Saved data entries:
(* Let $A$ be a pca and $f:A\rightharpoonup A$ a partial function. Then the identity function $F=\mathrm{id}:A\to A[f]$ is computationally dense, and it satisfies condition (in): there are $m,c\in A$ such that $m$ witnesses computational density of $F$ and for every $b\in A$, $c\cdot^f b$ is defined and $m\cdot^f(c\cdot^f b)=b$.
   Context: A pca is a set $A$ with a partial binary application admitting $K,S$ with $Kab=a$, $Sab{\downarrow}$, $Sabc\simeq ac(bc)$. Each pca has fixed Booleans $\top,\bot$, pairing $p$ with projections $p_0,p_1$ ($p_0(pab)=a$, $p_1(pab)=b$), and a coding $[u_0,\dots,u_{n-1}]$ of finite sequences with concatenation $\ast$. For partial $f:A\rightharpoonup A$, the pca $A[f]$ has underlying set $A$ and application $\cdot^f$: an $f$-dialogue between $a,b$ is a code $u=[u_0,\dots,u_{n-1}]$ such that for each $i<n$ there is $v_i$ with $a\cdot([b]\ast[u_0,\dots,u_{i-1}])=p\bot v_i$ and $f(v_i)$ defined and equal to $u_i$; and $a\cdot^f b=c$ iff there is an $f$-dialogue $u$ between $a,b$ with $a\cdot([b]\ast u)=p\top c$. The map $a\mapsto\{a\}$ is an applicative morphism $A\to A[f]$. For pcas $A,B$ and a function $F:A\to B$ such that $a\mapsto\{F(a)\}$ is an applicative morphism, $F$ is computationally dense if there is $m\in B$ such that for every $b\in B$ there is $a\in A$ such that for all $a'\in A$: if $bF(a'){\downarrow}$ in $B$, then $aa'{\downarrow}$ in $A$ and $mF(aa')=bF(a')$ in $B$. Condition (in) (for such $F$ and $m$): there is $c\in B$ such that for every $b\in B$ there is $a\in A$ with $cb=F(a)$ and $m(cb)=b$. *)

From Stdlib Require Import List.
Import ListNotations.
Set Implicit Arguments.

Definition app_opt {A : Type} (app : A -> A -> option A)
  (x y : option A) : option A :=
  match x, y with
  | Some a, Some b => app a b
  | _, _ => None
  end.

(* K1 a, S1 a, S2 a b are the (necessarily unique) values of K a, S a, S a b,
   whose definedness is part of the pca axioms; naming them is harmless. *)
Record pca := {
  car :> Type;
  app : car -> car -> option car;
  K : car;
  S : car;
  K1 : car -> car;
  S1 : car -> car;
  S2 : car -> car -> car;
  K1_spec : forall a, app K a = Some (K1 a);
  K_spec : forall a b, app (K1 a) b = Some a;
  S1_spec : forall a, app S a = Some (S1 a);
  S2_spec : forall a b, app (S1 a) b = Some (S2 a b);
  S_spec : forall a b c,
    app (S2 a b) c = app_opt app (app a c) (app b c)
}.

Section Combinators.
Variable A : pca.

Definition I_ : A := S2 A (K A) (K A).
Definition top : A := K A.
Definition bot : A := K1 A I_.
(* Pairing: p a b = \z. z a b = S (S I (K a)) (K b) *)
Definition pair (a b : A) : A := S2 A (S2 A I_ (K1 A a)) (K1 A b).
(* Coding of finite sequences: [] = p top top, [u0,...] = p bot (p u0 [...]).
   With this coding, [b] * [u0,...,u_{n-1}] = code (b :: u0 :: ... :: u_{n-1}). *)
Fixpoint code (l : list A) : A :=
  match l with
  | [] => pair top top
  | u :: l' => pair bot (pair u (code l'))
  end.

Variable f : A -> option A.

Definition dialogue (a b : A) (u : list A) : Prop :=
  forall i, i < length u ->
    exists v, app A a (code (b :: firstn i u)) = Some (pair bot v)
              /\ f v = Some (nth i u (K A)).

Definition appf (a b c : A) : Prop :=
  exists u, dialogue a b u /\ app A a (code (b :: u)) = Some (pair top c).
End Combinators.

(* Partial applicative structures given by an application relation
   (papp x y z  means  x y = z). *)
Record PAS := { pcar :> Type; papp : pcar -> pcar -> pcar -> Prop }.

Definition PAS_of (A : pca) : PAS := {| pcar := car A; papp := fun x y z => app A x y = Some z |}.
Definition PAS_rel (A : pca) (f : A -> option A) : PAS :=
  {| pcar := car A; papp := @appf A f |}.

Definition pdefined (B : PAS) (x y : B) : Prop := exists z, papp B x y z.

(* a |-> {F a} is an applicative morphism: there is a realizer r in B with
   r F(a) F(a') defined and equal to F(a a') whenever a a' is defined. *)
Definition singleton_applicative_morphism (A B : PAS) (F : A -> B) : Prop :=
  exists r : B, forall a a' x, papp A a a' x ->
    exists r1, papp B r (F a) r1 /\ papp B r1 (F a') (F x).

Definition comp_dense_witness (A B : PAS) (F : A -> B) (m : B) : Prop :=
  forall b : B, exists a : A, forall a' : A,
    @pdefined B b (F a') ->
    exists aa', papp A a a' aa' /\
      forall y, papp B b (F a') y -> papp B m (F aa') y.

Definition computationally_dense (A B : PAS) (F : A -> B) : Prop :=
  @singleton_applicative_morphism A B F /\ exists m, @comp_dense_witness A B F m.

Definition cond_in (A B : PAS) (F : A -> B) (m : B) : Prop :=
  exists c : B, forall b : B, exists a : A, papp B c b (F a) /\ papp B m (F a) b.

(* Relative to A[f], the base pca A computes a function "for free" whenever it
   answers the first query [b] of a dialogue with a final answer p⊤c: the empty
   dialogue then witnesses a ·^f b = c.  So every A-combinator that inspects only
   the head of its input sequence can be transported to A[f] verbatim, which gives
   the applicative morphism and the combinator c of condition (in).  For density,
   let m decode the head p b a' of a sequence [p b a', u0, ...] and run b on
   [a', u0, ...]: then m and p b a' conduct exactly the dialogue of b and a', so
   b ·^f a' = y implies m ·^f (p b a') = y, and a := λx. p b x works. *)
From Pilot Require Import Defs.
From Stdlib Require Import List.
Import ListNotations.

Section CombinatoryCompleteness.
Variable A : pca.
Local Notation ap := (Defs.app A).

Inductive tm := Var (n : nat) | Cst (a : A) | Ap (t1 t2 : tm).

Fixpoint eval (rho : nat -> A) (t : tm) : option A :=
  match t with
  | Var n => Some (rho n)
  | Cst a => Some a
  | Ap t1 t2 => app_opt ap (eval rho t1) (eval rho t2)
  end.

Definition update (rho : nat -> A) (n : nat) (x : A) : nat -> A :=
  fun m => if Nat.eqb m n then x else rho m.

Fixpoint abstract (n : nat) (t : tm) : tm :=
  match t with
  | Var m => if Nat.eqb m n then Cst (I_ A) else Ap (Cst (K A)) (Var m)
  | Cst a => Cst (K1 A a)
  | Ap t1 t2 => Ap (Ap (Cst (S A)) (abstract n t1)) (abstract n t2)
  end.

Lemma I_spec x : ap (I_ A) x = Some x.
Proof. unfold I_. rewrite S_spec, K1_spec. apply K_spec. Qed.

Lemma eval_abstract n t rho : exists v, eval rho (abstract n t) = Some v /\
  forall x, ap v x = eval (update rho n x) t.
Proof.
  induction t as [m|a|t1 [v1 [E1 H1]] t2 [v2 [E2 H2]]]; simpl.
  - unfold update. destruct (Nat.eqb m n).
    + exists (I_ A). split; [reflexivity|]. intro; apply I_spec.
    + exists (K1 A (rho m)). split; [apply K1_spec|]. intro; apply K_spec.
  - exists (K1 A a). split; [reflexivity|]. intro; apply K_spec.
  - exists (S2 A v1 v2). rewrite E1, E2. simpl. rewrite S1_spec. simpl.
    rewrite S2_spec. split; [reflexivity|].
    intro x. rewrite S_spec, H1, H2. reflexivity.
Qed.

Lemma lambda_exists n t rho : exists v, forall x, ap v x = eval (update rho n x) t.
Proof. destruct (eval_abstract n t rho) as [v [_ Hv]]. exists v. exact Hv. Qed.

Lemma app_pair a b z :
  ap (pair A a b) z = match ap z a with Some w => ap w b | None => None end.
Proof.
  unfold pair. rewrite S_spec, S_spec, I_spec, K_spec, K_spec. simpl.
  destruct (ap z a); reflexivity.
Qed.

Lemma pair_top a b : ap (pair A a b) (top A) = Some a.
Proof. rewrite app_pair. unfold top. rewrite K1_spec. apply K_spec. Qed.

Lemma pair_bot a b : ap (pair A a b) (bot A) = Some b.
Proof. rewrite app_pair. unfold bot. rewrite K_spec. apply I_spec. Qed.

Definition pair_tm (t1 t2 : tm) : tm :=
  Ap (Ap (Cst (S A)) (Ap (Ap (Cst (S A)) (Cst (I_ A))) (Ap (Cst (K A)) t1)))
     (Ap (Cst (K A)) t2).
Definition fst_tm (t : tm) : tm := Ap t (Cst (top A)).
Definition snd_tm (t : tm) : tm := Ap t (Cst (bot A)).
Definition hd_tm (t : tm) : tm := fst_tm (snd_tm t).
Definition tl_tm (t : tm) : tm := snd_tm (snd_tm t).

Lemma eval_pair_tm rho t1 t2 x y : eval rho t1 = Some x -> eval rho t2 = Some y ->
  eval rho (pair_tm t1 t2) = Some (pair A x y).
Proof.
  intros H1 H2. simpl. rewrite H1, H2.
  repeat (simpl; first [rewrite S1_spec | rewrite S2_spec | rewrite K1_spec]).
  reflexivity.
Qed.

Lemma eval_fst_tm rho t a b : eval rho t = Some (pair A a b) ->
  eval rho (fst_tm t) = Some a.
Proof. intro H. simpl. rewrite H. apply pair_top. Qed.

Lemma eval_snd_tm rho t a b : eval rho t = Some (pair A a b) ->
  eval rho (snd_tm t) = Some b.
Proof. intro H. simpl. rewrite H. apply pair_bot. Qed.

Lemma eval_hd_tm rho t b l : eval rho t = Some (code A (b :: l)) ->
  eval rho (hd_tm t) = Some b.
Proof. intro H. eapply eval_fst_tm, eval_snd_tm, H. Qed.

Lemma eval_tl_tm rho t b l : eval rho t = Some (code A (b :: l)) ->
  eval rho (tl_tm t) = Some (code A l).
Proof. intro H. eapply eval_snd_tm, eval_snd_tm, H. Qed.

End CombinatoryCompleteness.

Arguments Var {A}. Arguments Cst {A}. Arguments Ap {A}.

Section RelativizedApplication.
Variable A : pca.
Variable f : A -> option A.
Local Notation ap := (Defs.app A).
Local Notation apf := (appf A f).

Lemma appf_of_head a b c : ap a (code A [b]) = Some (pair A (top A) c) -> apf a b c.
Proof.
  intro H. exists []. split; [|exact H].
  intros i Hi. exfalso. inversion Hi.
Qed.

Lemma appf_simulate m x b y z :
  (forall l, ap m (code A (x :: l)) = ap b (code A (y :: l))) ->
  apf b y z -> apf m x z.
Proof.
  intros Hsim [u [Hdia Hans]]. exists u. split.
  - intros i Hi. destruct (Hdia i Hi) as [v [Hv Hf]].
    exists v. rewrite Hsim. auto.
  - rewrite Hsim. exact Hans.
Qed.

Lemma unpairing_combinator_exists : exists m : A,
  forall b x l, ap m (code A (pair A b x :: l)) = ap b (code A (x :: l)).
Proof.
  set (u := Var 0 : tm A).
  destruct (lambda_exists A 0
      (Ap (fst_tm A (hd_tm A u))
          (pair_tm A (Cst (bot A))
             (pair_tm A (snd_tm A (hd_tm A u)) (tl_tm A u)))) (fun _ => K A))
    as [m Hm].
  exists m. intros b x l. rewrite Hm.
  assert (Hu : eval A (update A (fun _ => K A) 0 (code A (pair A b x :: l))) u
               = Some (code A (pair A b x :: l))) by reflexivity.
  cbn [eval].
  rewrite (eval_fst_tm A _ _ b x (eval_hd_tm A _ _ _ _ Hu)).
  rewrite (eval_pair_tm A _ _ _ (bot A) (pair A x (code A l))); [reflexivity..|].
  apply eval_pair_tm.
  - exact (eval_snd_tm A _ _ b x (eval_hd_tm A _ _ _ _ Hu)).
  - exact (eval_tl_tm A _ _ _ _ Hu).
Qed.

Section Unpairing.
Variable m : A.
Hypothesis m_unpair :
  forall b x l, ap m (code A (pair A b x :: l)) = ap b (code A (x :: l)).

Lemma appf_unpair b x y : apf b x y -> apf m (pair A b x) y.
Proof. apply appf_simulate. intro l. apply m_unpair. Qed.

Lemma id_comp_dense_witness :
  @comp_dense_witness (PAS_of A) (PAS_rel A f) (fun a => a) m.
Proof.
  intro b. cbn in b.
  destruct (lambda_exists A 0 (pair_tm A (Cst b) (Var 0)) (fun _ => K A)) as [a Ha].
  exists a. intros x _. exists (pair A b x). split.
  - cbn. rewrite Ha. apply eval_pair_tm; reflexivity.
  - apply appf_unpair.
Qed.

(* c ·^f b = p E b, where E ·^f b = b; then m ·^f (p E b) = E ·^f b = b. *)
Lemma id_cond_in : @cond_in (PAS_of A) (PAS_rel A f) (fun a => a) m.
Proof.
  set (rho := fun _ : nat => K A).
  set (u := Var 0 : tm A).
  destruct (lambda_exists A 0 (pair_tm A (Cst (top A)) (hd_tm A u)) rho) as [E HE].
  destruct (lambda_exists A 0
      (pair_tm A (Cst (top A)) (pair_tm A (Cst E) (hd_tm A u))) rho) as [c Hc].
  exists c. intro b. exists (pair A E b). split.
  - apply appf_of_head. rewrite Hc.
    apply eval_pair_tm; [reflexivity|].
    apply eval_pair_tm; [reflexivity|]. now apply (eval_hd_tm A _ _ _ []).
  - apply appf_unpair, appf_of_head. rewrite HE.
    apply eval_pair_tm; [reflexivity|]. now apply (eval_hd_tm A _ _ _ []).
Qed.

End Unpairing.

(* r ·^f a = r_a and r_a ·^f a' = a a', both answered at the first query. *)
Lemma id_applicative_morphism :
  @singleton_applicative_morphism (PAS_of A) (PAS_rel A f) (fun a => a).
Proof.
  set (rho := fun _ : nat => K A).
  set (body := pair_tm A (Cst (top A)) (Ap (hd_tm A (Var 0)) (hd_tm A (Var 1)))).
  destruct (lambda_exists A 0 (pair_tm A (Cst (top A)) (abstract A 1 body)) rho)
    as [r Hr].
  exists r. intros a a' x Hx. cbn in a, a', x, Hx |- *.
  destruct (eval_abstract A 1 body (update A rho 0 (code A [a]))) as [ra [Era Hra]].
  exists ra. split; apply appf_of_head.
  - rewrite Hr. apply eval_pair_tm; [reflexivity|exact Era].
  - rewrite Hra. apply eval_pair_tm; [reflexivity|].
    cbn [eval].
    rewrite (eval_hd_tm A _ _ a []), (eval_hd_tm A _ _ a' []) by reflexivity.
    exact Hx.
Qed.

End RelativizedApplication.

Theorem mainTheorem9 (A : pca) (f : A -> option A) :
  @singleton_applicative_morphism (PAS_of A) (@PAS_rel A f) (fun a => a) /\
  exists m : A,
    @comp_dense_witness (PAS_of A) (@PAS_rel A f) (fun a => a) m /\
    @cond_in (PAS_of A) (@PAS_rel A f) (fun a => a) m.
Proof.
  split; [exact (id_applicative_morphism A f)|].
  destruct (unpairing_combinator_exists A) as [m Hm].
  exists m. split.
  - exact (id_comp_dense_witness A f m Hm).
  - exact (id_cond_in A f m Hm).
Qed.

▶ _Problem details_
Make a list of all lines in the data that contain "RelativizedApplication".

▶ _Solution to this exercise_
Section RelativizedApplication.
End RelativizedApplication.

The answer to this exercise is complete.